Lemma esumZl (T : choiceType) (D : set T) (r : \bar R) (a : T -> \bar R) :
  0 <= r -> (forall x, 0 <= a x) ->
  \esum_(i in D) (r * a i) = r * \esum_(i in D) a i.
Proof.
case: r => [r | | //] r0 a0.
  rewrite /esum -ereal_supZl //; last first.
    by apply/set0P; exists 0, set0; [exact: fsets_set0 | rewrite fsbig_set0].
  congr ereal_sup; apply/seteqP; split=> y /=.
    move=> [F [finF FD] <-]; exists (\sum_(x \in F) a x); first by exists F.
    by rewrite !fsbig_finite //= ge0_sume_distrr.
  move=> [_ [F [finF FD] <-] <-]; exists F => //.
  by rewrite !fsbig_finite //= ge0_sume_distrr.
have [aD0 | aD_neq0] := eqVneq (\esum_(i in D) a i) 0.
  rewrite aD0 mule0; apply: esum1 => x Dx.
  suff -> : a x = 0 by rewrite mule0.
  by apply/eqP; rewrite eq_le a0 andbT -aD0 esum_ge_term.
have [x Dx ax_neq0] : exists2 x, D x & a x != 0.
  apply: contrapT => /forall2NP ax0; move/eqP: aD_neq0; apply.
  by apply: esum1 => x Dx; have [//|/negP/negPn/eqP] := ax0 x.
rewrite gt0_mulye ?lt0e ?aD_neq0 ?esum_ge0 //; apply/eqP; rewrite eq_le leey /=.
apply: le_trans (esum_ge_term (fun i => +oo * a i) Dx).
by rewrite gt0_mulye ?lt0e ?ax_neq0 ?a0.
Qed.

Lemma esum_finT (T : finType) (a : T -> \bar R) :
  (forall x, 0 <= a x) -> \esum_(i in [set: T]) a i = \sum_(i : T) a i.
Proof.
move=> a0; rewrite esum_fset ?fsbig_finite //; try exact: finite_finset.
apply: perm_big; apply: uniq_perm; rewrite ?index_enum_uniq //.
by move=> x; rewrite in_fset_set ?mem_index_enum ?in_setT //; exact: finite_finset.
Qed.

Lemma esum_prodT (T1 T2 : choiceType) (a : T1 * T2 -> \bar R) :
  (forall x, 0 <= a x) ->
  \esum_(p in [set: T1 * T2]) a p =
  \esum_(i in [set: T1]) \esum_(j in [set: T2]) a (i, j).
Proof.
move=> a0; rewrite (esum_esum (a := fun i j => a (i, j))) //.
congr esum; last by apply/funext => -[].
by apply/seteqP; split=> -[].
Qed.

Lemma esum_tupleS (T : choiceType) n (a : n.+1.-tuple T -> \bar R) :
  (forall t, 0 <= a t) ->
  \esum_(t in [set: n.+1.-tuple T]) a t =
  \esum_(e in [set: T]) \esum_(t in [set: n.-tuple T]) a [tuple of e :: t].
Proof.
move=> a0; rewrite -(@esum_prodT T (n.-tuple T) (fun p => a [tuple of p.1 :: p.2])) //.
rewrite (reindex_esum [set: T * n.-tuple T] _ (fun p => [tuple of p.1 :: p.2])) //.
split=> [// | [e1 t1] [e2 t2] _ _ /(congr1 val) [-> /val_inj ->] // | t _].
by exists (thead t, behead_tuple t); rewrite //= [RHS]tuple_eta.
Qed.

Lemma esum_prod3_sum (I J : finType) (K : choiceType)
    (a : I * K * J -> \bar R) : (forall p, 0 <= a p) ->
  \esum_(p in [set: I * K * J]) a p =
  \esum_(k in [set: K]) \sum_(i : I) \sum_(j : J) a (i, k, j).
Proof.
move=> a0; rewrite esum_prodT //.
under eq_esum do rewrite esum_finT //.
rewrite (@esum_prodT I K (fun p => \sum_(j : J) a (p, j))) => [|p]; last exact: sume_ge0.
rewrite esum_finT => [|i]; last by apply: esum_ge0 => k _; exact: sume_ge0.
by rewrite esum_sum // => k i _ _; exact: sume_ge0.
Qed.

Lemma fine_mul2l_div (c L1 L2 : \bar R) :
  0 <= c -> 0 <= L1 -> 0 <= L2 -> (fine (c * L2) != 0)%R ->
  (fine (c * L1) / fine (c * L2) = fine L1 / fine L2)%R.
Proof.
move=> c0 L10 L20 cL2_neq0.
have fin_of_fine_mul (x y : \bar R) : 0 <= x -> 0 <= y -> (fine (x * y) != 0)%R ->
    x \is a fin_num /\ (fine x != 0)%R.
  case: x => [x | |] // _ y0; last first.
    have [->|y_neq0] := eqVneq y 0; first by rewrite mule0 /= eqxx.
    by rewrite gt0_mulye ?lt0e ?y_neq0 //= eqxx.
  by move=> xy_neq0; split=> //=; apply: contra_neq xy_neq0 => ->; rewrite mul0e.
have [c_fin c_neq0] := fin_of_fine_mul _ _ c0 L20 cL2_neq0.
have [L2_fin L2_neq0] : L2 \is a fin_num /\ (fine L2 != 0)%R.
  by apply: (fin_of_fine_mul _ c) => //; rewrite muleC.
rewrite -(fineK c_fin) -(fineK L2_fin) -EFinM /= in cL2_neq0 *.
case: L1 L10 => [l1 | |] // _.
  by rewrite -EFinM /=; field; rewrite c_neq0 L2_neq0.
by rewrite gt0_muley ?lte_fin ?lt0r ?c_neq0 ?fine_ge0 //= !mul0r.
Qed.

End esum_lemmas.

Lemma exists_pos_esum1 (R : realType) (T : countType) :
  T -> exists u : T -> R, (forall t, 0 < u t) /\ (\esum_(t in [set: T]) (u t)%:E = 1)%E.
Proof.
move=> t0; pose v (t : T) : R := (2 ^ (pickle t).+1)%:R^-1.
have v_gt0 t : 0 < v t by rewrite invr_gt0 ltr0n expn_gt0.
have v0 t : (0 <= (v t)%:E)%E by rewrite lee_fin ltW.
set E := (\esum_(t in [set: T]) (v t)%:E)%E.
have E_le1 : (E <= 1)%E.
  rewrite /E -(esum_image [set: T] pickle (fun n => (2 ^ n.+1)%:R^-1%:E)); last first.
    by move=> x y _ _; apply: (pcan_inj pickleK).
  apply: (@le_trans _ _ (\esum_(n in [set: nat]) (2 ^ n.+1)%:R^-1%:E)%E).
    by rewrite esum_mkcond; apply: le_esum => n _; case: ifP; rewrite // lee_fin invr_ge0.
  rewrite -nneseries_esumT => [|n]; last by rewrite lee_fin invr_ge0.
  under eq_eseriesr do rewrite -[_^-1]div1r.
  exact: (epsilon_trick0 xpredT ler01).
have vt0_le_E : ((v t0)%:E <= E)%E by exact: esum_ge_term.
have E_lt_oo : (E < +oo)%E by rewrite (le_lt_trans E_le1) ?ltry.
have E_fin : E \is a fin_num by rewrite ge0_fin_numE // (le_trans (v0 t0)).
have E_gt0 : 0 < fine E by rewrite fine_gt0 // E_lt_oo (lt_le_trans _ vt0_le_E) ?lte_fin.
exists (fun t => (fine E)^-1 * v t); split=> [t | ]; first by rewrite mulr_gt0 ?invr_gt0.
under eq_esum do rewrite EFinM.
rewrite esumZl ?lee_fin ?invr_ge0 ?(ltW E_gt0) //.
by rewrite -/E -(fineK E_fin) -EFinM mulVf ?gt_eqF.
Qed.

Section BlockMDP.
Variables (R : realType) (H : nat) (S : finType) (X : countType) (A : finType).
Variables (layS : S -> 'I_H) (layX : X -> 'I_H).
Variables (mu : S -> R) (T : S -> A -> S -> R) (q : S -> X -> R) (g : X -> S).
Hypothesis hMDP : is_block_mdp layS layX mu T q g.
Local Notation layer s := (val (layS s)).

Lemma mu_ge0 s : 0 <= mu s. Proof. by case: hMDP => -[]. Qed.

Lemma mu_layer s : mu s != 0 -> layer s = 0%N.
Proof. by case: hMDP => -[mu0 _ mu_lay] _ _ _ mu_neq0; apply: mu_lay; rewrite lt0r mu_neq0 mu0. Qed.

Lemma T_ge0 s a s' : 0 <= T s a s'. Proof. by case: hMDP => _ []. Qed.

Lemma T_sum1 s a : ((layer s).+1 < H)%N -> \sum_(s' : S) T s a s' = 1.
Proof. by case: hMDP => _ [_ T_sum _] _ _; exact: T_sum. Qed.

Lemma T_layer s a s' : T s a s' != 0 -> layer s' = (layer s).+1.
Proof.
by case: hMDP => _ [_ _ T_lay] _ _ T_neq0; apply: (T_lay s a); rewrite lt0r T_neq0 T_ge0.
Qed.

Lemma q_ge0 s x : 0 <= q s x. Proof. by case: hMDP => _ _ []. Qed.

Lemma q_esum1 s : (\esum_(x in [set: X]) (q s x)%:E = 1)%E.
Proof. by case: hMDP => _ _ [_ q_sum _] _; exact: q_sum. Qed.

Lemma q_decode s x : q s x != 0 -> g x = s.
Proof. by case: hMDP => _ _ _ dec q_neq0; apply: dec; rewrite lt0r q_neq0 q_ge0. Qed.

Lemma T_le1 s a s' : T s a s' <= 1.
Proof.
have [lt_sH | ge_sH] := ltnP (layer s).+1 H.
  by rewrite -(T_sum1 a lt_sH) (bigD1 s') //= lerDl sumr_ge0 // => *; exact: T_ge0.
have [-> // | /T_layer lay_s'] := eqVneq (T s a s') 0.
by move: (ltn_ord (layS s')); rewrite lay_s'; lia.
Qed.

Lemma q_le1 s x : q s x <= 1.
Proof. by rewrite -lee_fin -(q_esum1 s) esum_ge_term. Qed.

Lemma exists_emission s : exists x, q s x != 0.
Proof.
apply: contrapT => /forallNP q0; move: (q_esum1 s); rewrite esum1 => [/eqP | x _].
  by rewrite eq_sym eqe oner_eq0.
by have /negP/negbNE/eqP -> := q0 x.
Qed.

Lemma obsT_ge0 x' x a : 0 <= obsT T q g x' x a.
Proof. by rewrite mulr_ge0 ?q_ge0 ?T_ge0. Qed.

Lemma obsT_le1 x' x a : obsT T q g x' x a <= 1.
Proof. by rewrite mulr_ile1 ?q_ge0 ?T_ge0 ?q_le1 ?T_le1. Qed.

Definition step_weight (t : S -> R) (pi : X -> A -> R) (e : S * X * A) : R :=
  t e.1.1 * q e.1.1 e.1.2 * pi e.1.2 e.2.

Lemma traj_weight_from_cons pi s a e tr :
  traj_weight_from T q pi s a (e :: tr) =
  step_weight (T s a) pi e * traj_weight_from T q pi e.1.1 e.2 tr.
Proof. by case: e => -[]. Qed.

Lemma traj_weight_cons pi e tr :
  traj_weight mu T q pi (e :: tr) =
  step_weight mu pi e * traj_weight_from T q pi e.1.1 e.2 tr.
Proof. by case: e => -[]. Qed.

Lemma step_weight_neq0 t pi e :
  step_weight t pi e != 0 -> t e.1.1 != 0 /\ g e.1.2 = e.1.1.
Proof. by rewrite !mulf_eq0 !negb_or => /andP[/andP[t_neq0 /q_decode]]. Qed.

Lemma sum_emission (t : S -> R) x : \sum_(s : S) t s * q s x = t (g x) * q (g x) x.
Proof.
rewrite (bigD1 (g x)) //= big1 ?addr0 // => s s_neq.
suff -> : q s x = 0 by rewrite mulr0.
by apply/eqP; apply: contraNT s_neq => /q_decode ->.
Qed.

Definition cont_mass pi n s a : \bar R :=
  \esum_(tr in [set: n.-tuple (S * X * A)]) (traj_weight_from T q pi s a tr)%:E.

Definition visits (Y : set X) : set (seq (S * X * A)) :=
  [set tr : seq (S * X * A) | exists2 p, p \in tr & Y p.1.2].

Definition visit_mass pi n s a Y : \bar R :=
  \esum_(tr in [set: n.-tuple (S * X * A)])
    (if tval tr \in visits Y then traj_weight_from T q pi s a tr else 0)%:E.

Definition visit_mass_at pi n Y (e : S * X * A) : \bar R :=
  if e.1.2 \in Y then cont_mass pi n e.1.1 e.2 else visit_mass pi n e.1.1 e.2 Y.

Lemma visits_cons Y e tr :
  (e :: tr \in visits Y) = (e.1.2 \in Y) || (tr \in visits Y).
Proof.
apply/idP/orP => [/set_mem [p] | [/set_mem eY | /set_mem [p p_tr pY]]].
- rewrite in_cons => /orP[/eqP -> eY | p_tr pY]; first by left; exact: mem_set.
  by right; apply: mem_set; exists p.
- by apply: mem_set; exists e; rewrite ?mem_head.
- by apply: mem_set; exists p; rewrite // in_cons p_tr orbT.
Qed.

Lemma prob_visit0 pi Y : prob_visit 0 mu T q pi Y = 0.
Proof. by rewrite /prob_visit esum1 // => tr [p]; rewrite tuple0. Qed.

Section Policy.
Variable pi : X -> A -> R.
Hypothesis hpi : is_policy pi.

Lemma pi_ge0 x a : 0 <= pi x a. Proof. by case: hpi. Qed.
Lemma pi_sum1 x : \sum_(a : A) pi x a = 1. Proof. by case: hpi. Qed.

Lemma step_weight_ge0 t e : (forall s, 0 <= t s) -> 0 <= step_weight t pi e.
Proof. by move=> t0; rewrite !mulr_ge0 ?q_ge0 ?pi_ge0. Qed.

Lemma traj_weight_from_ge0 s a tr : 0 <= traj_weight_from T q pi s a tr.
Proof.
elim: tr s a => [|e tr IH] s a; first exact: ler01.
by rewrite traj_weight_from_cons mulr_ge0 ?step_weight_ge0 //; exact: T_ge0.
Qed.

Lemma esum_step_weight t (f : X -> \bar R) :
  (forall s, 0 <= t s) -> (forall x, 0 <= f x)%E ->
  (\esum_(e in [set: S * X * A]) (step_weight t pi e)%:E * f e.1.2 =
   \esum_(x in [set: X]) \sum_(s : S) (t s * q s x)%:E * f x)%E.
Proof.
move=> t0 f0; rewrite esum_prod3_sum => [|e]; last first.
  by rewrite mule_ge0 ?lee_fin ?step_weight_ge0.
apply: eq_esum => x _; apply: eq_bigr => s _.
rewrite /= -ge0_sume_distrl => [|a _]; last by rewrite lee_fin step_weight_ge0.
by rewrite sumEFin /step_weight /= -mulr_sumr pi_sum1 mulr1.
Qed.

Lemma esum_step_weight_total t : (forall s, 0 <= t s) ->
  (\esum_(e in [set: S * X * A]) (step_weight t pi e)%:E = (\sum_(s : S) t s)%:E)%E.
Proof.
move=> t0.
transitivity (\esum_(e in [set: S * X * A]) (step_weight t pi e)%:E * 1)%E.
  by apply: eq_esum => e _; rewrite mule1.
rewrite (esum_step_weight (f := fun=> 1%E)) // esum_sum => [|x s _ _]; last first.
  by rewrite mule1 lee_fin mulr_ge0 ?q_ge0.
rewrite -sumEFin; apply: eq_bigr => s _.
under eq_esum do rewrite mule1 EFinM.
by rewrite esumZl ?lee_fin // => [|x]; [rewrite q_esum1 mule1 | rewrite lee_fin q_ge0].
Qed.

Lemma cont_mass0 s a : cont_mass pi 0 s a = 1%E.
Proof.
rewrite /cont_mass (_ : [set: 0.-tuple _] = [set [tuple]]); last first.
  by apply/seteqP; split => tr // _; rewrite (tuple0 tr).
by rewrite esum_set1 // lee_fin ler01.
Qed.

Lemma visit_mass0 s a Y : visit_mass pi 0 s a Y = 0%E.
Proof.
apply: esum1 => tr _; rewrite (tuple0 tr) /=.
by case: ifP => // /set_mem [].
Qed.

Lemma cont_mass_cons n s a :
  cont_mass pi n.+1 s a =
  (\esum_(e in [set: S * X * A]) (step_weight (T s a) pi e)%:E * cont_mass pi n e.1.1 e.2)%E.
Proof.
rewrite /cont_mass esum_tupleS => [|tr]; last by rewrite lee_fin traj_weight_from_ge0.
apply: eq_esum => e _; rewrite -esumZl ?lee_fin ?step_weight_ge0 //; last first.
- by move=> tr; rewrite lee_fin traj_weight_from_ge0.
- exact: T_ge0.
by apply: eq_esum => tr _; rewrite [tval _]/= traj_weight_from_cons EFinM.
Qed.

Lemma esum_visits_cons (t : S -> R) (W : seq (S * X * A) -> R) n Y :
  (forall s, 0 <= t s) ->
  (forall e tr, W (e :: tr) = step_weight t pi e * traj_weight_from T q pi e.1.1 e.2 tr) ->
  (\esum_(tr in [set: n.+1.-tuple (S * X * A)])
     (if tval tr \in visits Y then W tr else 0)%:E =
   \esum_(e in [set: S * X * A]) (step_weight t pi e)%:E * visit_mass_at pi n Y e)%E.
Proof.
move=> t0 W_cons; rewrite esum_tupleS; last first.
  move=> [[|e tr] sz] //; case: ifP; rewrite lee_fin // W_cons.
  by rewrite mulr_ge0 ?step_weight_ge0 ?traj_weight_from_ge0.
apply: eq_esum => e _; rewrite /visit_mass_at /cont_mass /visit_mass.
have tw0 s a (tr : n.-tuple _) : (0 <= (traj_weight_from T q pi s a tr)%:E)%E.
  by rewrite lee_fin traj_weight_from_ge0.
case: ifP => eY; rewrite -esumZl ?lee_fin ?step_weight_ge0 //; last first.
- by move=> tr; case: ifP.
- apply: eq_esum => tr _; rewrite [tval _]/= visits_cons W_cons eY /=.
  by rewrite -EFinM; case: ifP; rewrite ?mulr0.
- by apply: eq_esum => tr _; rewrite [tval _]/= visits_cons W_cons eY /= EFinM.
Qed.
========================================
** ASSIGNMENT **
Extract every line from the records above that contains the word "finF".

** OUTPUT OF THE EXERCISE **
    move=> [F [finF FD] <-]; exists (\sum_(x \in F) a x); first by exists F.
  move=> [_ [F [finF FD] <-] <-]; exists F => //.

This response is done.